[messaging] saltpack spec and library

Thu Feb 11 12:09:14 PST 2016

Thanks Mike. I'll try to answer the parts that I can here.

> 1) Why MessagePack vs other binary serialisation formats?  (i tend to use protobufs)

The honest answer is that we're not very familiar with protobufs. Here
are some things we like about MessagePack, though, where I'd be
curious to learn more about how protobufs does things:
- It's really easy to implement.
- It's self-delimiting, so we don't need to do anything special to
parse a stream of payload packets.
- If we avoid maps (because of questions around how duplicate keys and
non-hashable keys get handled), we can be pretty sure that all
implementations of MessagePack will parse the same blob in the same
way. Though there's a good chance there are more problems here I
haven't thought of...

> 2) When staying in binary, what sort of overhead does the format impose?

The biggest part of the header is the keys in the recipients list:
with packing overhead and all, that comes out to 52 bytes (anonymous)
or 85 bytes (visible) per recipient. The rest of the header is ~100
bytes. In the payload of the message, for every 1 MB payload chunk, we
use 34 bytes per recipient to authenticate it, and another ~20 bytes
of per-packet overhead. Also every message includes an empty payload
packet at the end, which is authenticated like the others.

Examples: A 1-byte message, encrypted to a single anonymous recipient,
is 262 bytes. With ten visible recipients, it's 1673 bytes. Increasing
the plaintext length doesn't add any more overhead, though, up to 1MB.

So far we've preferred ease of implementation and sticking to NaCl's
defaults and high-level interfaces, over optimizing for the size of
small messages. Here are some optimizations that so far we've
deliberately avoided:
- Defining additional non-streaming modes. We could avoid
authenticating the empty payload packet at the end, if there were
separate encryption and signing modes that specified a single payload
packet.
- Using smaller keys. Truncating the payload key and the HMACs to 128
bits (or using crypto_onetimeauth instead) would save a lot. I read
that Curve25519 has 128 bits of security, so it's possible that our
256 bit keys/authenticators are overkill, even apart from the question
of whether 256 bits is overkill in general.
- Using crypto_stream_xor instead of crypto_secretbox. In the places
where we use crypto_secretbox, the 16-byte authenticator it prepends
is redundant. (Though note that many languages, including I think Ruby
and JS, don't have NaCl/libsodium wrappers that expose low-level
functions like crypto_stream_xor.)

> 3) If you imagine a mix network for routing of small binary messages, is saltpack an appropriate format to use for protecting the messages in your estimation? Or are there gotchas that its replacement-for-pgp design would create for the case of pure machine-to-machine messaging?

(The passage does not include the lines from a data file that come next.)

Lemma INR_nrank_extS m n (P0 : 'M[F]_(m, n)) p s :
  INR (nrank_ext P0 p.+1 s) = Q ^ s * INR (nrank_ext P0 p s) +
    (if s is s'.+1 then (Q ^ n - Q ^ s') * INR (nrank_ext P0 p s') else 0).
Proof.
rewrite nrank_extS INR_addn INR_muln INR_expn; congr (_ + _); case: s => // s.
have [sn | ns] := leqP s n; last by rewrite nrank_ext_eq0 /= ?muln0 ?Rmult_0_r // ns orbT.
rewrite INR_muln INR_subn ?INR_expn // leq_pexp2l //.
by apply/card_gt0P; exists (@GRing.zero F).
Qed.

Lemma nrank_ext_closed m n (P0 : 'M[F]_(m, n)) p k :
  INR (nrank_ext P0 p (\rank P0 + k)) * qprod Q k k =
  Q ^ (p * \rank P0) * qprod Q p k * qprod Q (n - \rank P0) k.
Proof.
have below_rank p' : (if \rank P0 is r.+1 then
    (Q ^ n - Q ^ r) * INR (nrank_ext P0 p' r) else 0) = 0.
  by case Er: (\rank P0) => [|r] //; rewrite nrank_ext_eq0 ?Er ?ltnSn //= Rmult_0_r.
elim: p k => [|p IH] [|k].
- by rewrite nrank_ext0 addn0 eqxx /=; ring.
- by rewrite nrank_ext0 (@qprod_eq0 Q 0) // -{1}[\rank P0]addn0 eqn_add2l /=; ring.
- have := IH 0%nat; rewrite addn0 INR_nrank_extS below_rank /= !Rmult_1_r => ->.
  by rewrite mulSn pow_addn; ring.
have IH1 := IH k.+1; rewrite addnS in IH1.
rewrite addnS INR_nrank_extS Rmult_plus_distr_r.
transitivity (Q ^ (\rank P0 + k).+1 * (INR (nrank_ext P0 p (\rank P0 + k).+1) * qprod Q k.+1 k.+1)
  + (Q ^ n - Q ^ (\rank P0 + k)) * ((Q ^ k.+1 - 1) * Q ^ k)
    * (INR (nrank_ext P0 p (\rank P0 + k)) * qprod Q k k)); first by rewrite qprodSS; ring.
have Qn : Q ^ n = Q ^ \rank P0 * Q ^ (n - \rank P0).
  by rewrite -pow_addn subnKC // rank_leq_col.
by rewrite IH1 IH qprodSS /= Qn mulSn !pow_addn /=; ring.
Qed.
(* Let $\mu,\mu',\nu$ be subdistributions over closed nondeterministic expressions and $\alpha$ an action such that $\nu\approx\mu$ and $\mu\xRightarrow{\hat\alpha}\mu'$, where this weak transition is convergent (i.e. $|\mu|=|\mu'|$). Then there exists $\nu'$ such that $\nu\xRightarrow{\hat\alpha}\nu'$ and $\nu'\approx\mu'$.
   Context: Fix a set $\mathsf{Act}$ of actions containing $\tau$. Nondeterministic expressions: $E ::= 0 \mid X \mid \alpha.P \mid \mathrm{rec}\,X.E \mid E + E$; probabilistic expressions: $P ::= \partial(E) \mid P \oplus_p P$ ($0<p<1$); closed means no free variables. Subdistributions $\mu$ over $S$: $\mu:S\to\mathbb R_{\ge0}$, $|\mu|=\sum\mu(s)\le1$; $\delta_s$ Dirac. Semantics: least relations with $\partial(E)\mapsto\delta_E$; $P\oplus_pQ\mapsto p\mu+(1-p)\nu$ if $P\mapsto\mu,Q\mapsto\nu$; $\alpha.P\xrightarrow{\alpha}\mu$ if $P\mapsto\mu$; $\mathrm{rec}\,X.E\xrightarrow{\alpha}\mu$ if $E[\mathrm{rec}\,X.E/X]\xrightarrow{\alpha}\mu$; $E+F\xrightarrow{\alpha}\mu$ and $F+E\xrightarrow{\alpha}\mu$ if $E\xrightarrow{\alpha}\mu$. Combined transitions on subdistributions: least relation with $\delta_E\xrightarrow{\alpha}\mu$ if $E\xrightarrow{\alpha}\mu$, closed under $\sum p_i\nu_i\xrightarrow{\alpha}\sum p_i\mu_i$ ($\nu_i\xrightarrow{\alpha}\mu_i$, $p_i\ge0$, $\sum p_i\le1$). A derivation is $(\mu_i^{\to},\mu_i^{\times})_{i\in\mathbb N}$ with $\mu_i^{\to}\xrightarrow{\tau}\mu^{\to}_{i+1}+\mu^{\times}_{i+1}$; $\mu\Rightarrow\nu$ iff a derivation has $\mu=\mu_0^{\to}+\mu_0^{\times}$, $\nu=\sum_i\mu_i^\times$. $\mu\xRightarrow{\alpha}\nu$ iff $\mu\Rightarrow\xrightarrow{\alpha}\Rightarrow\nu$; $\xRightarrow{\hat\alpha}$ is $\Rightarrow$ for $\alpha=\tau$ and $\xRightarrow{\alpha}$ otherwise. A weak transition from $\mu$ to $\mu'$ is convergent if $|\mu|=|\mu'|$. Lifting of a relation $\mathcal R$ on expressions to subdistributions: least relation with $\delta_E\mathcal R\delta_F$ for $E\mathcal RF$, closed under $\sum p_i\mu_i\mathcal R\sum p_i\nu_i$ ($\mu_i\mathcal R\nu_i$, $p_i\ge0$, $\sum p_i\le1$). Weak bisimulation: relation $\mathcal R$ on closed expressions such that if $E\mathcal RF$ and $E\xrightarrow{\alpha}\mu$ then $F\xRightarrow{\hat\alpha}\nu$ with $\mu\mathcal R\nu$, and symmetrically; $\approx$ (weak bisimilarity, used lifted) is the union of all weak bisimulations. *)

From Stdlib Require Import Reals List Classical ClassicalEpsilon.
Open Scope R_scope.
Set Implicit Arguments.

Section Calculus.
Variable Act : Type.
Variable tau : Act.

Definition prob := { p : R | 0 < p < 1 }.

Inductive nexp : Type :=
  | NNil : nexp
  | NVar : nat -> nexp
  | NPre : Act -> pexp -> nexp
  | NRec : nat -> nexp -> nexp
  | NSum : nexp -> nexp -> nexp
with pexp : Type :=
  | PDirac : nexp -> pexp
  | PChoice : pexp -> prob -> pexp -> pexp.

Fixpoint free_n (x : nat) (E : nexp) : Prop :=
  match E with
  | NNil => False
  | NVar y => x = y
  | NPre _ P => free_p x P
  | NRec y E' => x <> y /\ free_n x E'
  | NSum E1 E2 => free_n x E1 \/ free_n x E2
  end
with free_p (x : nat) (P : pexp) : Prop :=
  match P with
  | PDirac E => free_n x E
  | PChoice P1 _ P2 => free_p x P1 \/ free_p x P2
  end.

Definition closed (E : nexp) : Prop := forall x, ~ free_n x E.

I don't know anything about mix networks -- would you ever have
multiple recipients in a mix network? -- but I can point out at least
a couple anonymity issues that could come up, in addition to what Jeff
pointed out. Trevor caught one of them in this thread: we leak when
two recipients have the same key, and we need to fix that by changing
our nonces. Another concern is that even when recipients are
anonymous, the *number* of recipients is visible. If for example a
message has 37 recipient keys, and I'm the only person in the world
who owns exactly 37 laptops, that could identify me.

Another general downside of using saltpack for machine-to-machine
messaging, is that if you want ephemeral recipient keys for forward
secrecy, you'll have to arrange that outside the format. It might make
more sense to use a protocol that was designed for having both parties
online?

> 4) MIME type? Could you maybe forbid/strongly discourage in the spec emails that contain ASCII armoured saltpack messages? I think some clients have struggled in the past with the UI for showing a message that contains partially signed and partially not signed text, as they tend to treat the signedness of a message as a boolean. Formally forbidding mixing of the two can solve that.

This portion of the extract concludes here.